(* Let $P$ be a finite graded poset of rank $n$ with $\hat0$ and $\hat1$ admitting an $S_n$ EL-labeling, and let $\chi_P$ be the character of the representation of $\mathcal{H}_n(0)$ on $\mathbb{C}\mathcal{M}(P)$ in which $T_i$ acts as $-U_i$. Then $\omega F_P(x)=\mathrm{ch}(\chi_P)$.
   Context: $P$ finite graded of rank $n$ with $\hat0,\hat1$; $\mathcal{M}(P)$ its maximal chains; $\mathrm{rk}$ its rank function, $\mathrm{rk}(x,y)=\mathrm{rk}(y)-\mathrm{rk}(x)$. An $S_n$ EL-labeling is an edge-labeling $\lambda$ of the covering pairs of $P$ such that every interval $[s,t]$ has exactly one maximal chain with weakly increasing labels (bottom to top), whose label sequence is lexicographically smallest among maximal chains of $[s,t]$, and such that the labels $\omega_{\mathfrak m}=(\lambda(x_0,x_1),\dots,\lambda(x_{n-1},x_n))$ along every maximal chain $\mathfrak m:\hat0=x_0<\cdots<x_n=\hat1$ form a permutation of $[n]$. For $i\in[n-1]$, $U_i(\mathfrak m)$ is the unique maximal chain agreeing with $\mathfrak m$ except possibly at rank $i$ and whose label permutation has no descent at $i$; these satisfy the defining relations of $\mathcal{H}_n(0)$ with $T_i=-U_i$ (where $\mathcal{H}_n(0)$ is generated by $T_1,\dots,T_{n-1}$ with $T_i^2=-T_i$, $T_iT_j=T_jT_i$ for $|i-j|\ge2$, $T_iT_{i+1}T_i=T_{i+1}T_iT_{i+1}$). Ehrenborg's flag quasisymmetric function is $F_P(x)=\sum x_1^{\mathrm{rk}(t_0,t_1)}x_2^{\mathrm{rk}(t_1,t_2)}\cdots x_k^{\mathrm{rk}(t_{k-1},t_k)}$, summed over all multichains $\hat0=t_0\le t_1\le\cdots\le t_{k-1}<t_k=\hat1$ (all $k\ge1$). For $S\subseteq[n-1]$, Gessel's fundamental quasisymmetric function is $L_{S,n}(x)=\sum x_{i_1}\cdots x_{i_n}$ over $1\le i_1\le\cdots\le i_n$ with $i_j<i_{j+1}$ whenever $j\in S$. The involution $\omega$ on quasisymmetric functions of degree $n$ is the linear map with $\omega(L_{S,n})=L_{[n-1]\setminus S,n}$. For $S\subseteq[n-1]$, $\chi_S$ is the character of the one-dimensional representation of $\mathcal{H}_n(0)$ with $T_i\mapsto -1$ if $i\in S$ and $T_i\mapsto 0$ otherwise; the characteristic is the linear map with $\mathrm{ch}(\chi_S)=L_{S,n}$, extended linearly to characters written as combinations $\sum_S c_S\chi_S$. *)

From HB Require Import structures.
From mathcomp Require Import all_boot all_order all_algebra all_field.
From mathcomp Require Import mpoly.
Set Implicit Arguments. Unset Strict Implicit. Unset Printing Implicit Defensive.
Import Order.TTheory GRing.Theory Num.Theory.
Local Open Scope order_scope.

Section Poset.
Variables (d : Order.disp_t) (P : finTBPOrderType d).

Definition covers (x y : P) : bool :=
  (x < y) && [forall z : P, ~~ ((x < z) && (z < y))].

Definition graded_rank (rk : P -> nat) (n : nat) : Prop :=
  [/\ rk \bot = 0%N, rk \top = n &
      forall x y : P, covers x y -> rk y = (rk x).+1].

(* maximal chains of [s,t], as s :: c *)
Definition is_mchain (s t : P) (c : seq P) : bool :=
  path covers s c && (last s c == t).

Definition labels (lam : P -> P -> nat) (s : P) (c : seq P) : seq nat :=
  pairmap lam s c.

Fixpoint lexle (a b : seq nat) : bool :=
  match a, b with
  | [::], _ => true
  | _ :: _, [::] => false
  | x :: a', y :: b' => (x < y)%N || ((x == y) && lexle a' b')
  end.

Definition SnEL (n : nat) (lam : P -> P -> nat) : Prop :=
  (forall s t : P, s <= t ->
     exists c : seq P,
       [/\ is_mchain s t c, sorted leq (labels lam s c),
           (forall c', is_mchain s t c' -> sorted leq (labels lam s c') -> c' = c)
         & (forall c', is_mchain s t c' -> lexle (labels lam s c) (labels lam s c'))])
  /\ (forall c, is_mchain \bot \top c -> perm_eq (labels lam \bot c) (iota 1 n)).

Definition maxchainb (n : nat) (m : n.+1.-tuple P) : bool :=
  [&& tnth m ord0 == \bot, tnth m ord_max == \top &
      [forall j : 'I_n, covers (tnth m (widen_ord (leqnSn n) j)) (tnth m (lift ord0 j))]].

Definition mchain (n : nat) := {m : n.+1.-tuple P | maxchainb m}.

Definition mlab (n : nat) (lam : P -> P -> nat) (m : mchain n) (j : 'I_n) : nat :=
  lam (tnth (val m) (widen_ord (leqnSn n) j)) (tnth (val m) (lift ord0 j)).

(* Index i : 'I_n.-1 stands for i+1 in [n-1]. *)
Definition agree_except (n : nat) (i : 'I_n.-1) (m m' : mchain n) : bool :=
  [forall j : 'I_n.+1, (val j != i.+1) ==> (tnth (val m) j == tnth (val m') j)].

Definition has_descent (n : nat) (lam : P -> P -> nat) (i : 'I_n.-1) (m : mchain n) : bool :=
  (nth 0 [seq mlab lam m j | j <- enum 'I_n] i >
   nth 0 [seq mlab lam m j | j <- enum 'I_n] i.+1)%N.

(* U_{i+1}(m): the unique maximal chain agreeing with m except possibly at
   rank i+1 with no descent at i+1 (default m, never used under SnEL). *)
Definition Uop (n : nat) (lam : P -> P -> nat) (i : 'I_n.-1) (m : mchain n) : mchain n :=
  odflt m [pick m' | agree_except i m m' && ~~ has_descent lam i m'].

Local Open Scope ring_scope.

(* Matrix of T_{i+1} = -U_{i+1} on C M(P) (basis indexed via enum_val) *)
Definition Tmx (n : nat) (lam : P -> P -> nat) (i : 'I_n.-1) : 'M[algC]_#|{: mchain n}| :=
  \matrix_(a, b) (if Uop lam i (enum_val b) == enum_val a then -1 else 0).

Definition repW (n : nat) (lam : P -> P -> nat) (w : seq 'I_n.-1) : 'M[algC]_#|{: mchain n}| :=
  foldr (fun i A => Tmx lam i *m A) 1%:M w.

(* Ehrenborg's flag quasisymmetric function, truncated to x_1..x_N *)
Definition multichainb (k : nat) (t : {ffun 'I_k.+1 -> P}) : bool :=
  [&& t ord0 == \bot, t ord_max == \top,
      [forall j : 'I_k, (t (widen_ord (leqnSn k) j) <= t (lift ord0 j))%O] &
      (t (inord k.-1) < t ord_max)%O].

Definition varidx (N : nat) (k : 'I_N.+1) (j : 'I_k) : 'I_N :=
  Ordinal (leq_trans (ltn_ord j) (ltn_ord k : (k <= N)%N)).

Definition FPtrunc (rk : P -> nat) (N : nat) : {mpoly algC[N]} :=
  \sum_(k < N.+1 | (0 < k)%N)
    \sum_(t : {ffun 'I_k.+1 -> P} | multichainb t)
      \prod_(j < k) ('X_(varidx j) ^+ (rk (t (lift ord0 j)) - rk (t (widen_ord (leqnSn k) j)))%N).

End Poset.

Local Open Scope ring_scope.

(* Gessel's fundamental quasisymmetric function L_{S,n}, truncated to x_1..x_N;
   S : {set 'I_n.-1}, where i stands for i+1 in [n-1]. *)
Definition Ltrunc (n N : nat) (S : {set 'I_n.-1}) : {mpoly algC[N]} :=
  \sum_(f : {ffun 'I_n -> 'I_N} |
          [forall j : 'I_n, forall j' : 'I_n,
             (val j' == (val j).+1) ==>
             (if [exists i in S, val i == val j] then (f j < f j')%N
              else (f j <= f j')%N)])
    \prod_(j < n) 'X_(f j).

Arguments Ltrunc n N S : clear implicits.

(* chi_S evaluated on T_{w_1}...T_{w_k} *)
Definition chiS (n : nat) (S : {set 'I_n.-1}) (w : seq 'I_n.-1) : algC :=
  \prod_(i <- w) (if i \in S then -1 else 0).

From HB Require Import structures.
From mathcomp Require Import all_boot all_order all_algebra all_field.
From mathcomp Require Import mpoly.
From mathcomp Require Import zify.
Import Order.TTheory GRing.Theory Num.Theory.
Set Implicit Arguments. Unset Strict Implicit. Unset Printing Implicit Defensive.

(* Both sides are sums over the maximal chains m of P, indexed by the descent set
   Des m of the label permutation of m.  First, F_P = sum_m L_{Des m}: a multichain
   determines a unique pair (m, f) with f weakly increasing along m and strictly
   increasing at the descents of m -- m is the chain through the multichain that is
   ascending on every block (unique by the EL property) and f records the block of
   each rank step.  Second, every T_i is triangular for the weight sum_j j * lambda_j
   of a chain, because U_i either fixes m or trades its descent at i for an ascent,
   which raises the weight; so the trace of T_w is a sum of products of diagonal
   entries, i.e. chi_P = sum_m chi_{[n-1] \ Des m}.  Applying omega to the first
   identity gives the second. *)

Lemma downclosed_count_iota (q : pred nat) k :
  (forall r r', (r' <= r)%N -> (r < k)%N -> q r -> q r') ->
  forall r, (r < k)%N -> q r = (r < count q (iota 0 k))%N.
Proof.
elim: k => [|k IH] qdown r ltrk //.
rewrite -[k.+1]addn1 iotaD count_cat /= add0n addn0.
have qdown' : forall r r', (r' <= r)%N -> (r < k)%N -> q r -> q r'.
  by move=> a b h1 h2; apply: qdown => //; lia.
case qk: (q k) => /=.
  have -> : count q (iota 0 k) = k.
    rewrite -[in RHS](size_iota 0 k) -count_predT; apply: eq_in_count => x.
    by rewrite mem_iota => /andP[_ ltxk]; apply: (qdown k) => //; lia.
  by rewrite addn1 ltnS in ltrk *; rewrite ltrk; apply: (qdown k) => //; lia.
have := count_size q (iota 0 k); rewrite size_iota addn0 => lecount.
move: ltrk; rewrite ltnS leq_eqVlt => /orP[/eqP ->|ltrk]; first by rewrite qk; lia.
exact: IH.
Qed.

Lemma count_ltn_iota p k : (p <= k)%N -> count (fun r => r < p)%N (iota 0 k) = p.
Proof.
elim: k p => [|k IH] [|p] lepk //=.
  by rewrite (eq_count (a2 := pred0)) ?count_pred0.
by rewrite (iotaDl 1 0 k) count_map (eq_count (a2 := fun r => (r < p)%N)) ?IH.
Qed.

----

Which lines above hold the string "indexed"? Please copy all of them.

(* Matrix of T_{i+1} = -U_{i+1} on C M(P) (basis indexed via enum_val) *)
(* Both sides are sums over the maximal chains m of P, indexed by the descent set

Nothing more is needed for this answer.